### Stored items
- - -

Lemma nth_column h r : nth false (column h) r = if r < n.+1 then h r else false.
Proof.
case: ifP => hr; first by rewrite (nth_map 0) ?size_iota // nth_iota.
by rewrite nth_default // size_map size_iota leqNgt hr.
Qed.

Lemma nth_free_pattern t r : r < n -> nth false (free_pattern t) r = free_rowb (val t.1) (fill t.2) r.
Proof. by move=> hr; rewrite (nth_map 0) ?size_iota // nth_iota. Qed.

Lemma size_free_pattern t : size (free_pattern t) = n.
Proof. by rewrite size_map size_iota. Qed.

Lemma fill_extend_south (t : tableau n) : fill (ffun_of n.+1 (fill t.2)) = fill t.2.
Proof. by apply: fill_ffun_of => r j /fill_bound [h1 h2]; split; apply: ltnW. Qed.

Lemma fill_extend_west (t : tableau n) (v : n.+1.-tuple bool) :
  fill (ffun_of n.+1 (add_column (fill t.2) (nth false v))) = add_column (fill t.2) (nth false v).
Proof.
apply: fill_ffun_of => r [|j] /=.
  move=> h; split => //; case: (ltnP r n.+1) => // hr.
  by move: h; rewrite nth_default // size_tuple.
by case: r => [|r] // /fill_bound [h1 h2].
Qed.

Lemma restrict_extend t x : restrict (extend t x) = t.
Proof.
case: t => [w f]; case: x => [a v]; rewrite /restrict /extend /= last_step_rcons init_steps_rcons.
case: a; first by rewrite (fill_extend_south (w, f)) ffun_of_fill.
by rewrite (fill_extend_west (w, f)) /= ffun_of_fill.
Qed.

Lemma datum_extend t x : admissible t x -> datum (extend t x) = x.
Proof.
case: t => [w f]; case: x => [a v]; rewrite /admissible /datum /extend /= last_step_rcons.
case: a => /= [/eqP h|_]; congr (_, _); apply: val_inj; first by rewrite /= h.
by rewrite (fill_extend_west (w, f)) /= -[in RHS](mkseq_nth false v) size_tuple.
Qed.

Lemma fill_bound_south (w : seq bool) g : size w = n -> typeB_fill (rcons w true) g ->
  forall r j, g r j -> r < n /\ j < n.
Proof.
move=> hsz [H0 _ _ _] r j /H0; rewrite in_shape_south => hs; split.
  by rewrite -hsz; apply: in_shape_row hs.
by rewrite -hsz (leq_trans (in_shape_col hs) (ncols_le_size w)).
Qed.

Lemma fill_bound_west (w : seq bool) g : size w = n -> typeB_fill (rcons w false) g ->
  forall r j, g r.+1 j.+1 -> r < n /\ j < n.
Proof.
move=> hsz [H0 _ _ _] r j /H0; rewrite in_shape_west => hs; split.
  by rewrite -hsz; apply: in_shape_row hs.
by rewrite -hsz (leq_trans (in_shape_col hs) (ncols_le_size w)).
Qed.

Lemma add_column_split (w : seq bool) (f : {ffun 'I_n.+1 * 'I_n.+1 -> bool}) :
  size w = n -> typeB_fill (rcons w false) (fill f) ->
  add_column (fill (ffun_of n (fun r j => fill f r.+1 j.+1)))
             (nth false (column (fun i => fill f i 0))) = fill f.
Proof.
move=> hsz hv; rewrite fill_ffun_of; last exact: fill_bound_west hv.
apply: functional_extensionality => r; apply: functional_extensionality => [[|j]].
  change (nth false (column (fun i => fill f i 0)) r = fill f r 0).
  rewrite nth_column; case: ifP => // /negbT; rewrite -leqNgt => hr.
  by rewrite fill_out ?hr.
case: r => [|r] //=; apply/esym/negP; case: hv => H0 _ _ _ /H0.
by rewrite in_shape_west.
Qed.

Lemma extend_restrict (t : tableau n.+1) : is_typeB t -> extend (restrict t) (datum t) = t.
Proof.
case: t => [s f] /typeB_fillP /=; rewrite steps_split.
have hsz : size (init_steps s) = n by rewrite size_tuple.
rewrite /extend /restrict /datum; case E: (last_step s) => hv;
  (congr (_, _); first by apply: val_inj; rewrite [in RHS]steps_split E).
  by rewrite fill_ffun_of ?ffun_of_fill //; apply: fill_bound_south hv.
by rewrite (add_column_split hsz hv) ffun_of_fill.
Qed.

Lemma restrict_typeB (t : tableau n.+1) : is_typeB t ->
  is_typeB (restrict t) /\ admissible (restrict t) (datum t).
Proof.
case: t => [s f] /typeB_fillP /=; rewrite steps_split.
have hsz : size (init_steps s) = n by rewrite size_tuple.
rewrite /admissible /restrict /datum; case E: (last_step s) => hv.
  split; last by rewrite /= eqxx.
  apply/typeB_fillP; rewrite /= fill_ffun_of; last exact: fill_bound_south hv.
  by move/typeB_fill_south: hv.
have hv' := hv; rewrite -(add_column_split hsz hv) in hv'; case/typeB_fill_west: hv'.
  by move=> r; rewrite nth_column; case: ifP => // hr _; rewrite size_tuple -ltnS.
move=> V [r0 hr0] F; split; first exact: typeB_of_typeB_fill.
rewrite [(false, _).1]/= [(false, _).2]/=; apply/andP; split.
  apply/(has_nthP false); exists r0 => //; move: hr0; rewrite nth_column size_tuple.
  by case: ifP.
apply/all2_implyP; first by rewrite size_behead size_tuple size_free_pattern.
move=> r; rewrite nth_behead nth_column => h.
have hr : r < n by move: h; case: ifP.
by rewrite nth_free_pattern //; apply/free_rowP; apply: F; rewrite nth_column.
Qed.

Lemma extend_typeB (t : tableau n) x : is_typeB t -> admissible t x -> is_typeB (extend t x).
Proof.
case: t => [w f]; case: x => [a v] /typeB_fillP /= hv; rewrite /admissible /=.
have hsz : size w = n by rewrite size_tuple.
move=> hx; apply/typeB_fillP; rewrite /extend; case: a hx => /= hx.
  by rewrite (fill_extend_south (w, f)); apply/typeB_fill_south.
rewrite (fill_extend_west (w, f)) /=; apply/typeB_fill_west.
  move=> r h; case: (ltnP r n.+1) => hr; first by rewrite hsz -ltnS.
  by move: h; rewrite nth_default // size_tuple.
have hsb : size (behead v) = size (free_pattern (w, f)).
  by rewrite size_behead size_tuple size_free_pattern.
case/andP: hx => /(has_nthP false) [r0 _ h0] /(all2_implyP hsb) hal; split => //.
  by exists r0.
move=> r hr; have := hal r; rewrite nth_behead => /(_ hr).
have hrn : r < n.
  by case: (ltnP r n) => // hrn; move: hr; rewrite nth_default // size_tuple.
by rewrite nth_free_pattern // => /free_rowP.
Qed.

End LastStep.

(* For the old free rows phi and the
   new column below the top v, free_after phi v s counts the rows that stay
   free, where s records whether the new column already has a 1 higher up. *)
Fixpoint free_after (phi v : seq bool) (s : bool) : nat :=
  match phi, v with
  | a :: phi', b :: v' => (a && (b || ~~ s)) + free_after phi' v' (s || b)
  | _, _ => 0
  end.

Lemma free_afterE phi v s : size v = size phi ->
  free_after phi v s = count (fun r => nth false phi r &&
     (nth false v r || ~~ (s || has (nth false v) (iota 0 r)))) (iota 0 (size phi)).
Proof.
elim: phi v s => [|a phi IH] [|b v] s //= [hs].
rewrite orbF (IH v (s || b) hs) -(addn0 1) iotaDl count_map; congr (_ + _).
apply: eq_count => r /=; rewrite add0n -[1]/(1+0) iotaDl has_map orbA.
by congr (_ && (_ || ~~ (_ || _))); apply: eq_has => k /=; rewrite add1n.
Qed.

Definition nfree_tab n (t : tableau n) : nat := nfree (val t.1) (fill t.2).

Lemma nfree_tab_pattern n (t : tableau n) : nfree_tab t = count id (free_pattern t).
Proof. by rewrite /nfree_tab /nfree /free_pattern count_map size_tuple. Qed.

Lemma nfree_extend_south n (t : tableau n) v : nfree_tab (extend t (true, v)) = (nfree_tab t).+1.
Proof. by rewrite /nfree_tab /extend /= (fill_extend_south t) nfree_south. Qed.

- - -

In the entries above, the lines between the one holding "by rewrite nth_free_pattern //;" and the one holding "by rewrite (fill_extend_south (w, f));", inclusive, are to be printed exactly as written, and those alone.

### Exercise solution
by rewrite nth_free_pattern //; apply/free_rowP; apply: F; rewrite nth_column.
Qed.

Lemma extend_typeB (t : tableau n) x : is_typeB t -> admissible t x -> is_typeB (extend t x).
Proof.
case: t => [w f]; case: x => [a v] /typeB_fillP /= hv; rewrite /admissible /=.
have hsz : size w = n by rewrite size_tuple.
move=> hx; apply/typeB_fillP; rewrite /extend; case: a hx => /= hx.
  by rewrite (fill_extend_south (w, f)); apply/typeB_fill_south.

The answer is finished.